Hisama Kaoru, Valadez Huerta Gerardo, Koyama Michihisa
Research Initiative for Supra-Materials, Shinshu University, Nagano, Japan.
J Comput Chem. 2024 Dec 15;45(32):2805-2811. doi: 10.1002/jcc.27487. Epub 2024 Aug 23.
Computational understanding of the liquid-electrode interface faces challenges in efficiently incorporating reactive force fields and electrostatic potentials within reasonable computational costs. Although universal neural network potentials (UNNPs), representing pretrained machine learning interatomic potentials, are emerging, current UNNP models lack explicit treatment of Coulomb potentials, and methods for integrating additional charges on the electrode remain to be established. We propose a method to analyze liquid-electrode interfaces by integrating a UNNP, known as the preferred potential, with Coulomb potentials using the ONIOM method. This approach extends the applicability of UNNPs to electrode-liquid interface systems. Through molecular dynamics simulations of graphene-water and graphene oxide (GO)-water interfaces, we demonstrate the effectiveness of our method. Our findings emphasize the necessity of incorporating long-range Coulomb potentials into the water potential to accurately describe water polarization at the interface. Furthermore, we observe that functional groups on the GO electrode influence both polarization and capacitance.

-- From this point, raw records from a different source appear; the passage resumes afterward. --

Lemma generated_in_zspan g : generated (fun x => x \in b) g <-> in_zspan g.
Proof.
split=> [[s [c [sb ->]]]|[c ->]]; last by exists b, c.
elim: s sb => [|y s IH] sb; first by rewrite big_nil; apply: in_zspan0.
rewrite big_cons; apply: in_zspanD; first by apply/in_zspan_mulz/sb; rewrite mem_head.
by apply: IH => z zs; apply: sb; rewrite in_cons zs orbT.
Qed.

Lemma zspan_coef_unique (c c' : G -> int) :
  \sum_(y <- b) y *~ c y = \sum_(y <- b) y *~ c' y -> {in b, c =1 c'}.
Proof.
move=> cc' y yb; have [[_ b_ind] b_inf] := b_indep.
have sum0 : \sum_(y <- b) y *~ (c y - c' y) = 0.
  by under eq_bigr do rewrite mulrzBr; rewrite sumrB cc' subrr.
have /b_inf yn0 := b_ind b _ b_uniq (fun _ => id) sum0 y yb.
by apply/eqP; rewrite -subr_eq0; apply/eqP/yn0.
Qed.

Lemma sum_mulz_mulrn (c : G -> int) m :
  (\sum_(y <- b) y *~ c y) *+ m = \sum_(y <- b) y *~ (c y * m%:Z).
Proof. by rewrite -sumrMnl; apply: eq_bigr => y _; rewrite mulrzA -pmulrn. Qed.

Hypothesis b_rational : forall g, exists2 m, (0 < m)%N & in_zspan (g *+ m).

Let denom g : nat := s2val (cid2 (b_rational g)).
Let denom_gt0 g : (0 < denom g)%N := s2valP (cid2 (b_rational g)).
Let numer g : G -> int := sval (cid (s2valP' (cid2 (b_rational g)))).
Let numerP g : g *+ denom g = \sum_(y <- b) y *~ numer g y :=
  svalP (cid (s2valP' (cid2 (b_rational g)))).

对液-电极界面的计算理解面临着挑战,即在合理的计算成本内有效地纳入反应力场和静电势。尽管表示预训练机器学习原子间势的通用神经网络势(UNNPs)正在兴起,但目前的UNNP模型缺乏对库仑势的明确处理,并且在电极上整合额外电荷的方法仍有待建立。我们提出了一种方法,通过使用ONIOM方法将一种称为首选势的UNNP与库仑势相结合来分析液-电极界面。这种方法将UNNPs的适用性扩展到电极-液体界面系统。通过对石墨烯-水和氧化石墨烯(GO)-水界面的分子动力学模拟,我们证明了我们方法的有效性。我们的研究结果强调了将长程库仑势纳入水势以准确描述界面处水极化的必要性。此外,我们观察到GO电极上的官能团会影响极化和电容。